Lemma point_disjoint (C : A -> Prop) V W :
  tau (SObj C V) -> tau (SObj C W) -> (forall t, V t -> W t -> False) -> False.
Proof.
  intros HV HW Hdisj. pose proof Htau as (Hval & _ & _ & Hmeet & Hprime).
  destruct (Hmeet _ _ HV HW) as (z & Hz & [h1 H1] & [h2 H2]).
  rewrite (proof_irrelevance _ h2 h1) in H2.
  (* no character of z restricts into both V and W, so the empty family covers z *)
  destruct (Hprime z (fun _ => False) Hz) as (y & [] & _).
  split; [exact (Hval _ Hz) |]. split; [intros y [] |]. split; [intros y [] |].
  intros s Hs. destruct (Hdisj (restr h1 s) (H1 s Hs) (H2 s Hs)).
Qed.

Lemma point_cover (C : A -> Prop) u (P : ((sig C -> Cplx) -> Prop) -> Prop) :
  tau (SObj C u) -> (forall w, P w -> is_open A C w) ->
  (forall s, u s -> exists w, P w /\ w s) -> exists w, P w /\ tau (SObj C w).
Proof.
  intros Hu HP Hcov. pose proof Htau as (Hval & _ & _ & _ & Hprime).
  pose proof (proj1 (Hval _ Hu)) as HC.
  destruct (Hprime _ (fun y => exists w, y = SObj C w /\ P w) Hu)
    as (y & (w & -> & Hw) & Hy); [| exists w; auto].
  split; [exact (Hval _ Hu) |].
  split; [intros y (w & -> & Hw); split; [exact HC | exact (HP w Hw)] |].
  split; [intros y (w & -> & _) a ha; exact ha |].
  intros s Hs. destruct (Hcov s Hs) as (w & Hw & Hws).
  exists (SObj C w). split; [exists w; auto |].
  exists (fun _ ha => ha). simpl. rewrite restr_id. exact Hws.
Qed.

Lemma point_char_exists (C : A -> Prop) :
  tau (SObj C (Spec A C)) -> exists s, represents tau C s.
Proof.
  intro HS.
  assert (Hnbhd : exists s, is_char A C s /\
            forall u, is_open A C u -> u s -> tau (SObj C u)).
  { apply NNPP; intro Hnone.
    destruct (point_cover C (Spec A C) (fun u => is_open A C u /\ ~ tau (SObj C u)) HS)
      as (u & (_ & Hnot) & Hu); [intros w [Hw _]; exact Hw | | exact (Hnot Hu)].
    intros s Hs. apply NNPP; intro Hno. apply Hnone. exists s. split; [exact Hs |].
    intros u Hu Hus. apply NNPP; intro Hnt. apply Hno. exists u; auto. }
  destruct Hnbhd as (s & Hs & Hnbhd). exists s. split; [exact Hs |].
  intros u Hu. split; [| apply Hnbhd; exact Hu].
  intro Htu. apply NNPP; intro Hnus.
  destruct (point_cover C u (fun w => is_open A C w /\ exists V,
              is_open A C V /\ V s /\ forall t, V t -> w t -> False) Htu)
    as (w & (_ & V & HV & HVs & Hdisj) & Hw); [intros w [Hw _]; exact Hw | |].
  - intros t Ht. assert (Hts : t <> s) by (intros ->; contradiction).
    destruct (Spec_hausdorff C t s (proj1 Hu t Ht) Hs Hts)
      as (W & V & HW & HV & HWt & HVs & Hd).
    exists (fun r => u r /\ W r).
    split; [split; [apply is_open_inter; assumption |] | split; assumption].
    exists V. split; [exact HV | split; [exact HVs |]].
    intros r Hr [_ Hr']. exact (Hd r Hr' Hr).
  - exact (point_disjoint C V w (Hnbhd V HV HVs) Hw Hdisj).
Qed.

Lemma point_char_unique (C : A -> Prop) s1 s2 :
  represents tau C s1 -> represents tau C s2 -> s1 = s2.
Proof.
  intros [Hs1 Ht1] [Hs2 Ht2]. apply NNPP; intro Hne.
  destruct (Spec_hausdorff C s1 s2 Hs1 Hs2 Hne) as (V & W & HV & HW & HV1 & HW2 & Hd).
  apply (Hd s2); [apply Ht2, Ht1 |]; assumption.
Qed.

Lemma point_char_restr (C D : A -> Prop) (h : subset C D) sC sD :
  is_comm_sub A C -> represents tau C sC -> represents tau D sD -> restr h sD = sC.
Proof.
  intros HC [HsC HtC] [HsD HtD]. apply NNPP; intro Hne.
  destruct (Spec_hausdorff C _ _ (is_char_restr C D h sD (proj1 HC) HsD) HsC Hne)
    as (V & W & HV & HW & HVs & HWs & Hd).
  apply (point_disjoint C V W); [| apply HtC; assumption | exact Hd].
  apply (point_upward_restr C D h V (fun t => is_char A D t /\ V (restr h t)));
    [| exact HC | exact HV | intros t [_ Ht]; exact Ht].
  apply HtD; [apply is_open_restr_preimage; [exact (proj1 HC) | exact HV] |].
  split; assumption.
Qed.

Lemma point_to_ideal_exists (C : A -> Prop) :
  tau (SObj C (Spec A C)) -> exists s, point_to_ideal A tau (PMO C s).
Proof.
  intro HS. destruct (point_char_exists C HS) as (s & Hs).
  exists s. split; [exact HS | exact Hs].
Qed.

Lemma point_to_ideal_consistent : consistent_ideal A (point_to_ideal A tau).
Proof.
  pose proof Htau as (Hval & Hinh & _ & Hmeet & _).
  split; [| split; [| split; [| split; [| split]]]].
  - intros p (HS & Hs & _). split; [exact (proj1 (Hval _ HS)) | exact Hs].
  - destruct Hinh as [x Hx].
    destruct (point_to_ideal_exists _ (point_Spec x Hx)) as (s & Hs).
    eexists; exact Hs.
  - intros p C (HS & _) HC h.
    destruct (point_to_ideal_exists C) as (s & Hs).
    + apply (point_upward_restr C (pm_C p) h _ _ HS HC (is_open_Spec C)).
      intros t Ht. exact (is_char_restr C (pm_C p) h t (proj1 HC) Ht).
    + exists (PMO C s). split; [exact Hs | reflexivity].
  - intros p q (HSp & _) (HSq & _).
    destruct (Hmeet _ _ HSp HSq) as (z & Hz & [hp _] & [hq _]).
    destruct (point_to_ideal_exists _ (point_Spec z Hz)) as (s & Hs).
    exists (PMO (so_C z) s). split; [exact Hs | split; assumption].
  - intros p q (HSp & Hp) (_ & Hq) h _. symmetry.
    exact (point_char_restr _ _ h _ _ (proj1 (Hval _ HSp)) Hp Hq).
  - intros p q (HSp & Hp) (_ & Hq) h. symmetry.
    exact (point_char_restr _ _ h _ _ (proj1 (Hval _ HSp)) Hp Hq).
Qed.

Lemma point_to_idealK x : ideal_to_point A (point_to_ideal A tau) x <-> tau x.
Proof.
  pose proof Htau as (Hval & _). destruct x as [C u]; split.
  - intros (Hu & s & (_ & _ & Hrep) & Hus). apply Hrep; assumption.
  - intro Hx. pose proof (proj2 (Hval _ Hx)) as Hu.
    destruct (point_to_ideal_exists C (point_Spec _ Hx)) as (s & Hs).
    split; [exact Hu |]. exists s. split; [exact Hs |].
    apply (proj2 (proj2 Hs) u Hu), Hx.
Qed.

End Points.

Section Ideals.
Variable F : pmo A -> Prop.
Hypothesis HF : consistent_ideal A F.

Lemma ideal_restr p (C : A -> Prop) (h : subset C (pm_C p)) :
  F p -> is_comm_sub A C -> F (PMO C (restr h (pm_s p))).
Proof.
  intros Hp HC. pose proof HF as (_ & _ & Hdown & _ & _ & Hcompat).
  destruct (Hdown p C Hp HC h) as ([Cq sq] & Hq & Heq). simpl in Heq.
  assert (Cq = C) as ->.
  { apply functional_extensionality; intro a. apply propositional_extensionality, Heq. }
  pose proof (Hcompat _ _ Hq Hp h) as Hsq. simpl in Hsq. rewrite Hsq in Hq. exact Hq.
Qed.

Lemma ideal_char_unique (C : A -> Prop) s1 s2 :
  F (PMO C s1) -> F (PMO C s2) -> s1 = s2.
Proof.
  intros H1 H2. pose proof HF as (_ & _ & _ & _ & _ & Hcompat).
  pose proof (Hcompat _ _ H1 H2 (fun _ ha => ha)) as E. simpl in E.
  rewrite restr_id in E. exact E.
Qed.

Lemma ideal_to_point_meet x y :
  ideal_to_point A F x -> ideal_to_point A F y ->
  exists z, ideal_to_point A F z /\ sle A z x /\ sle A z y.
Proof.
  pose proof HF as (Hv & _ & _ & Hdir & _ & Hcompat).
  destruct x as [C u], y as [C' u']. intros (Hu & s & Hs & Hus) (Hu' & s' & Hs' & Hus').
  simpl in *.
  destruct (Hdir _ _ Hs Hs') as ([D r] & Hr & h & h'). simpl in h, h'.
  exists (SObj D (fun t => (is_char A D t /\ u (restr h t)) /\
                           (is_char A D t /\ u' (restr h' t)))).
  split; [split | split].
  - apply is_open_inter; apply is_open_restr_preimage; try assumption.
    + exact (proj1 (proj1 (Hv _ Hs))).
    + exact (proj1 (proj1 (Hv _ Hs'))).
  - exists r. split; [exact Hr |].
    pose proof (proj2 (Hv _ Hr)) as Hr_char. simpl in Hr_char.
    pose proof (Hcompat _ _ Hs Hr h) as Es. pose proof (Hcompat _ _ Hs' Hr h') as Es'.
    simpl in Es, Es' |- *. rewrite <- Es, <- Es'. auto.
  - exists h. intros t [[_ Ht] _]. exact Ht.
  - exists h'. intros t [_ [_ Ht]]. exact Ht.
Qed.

◆ **Description of the task**
The required output is the stretch of entries above from the line containing "simpl in *." through the line containing "- exists r. split; [exact Hr |].", reproduced exactly.

◆ **Exercise result**
  simpl in *.
  destruct (Hdir _ _ Hs Hs') as ([D r] & Hr & h & h'). simpl in h, h'.
  exists (SObj D (fun t => (is_char A D t /\ u (restr h t)) /\
                           (is_char A D t /\ u' (restr h' t)))).
  split; [split | split].
  - apply is_open_inter; apply is_open_restr_preimage; try assumption.
    + exact (proj1 (proj1 (Hv _ Hs))).
    + exact (proj1 (proj1 (Hv _ Hs'))).
  - exists r. split; [exact Hr |].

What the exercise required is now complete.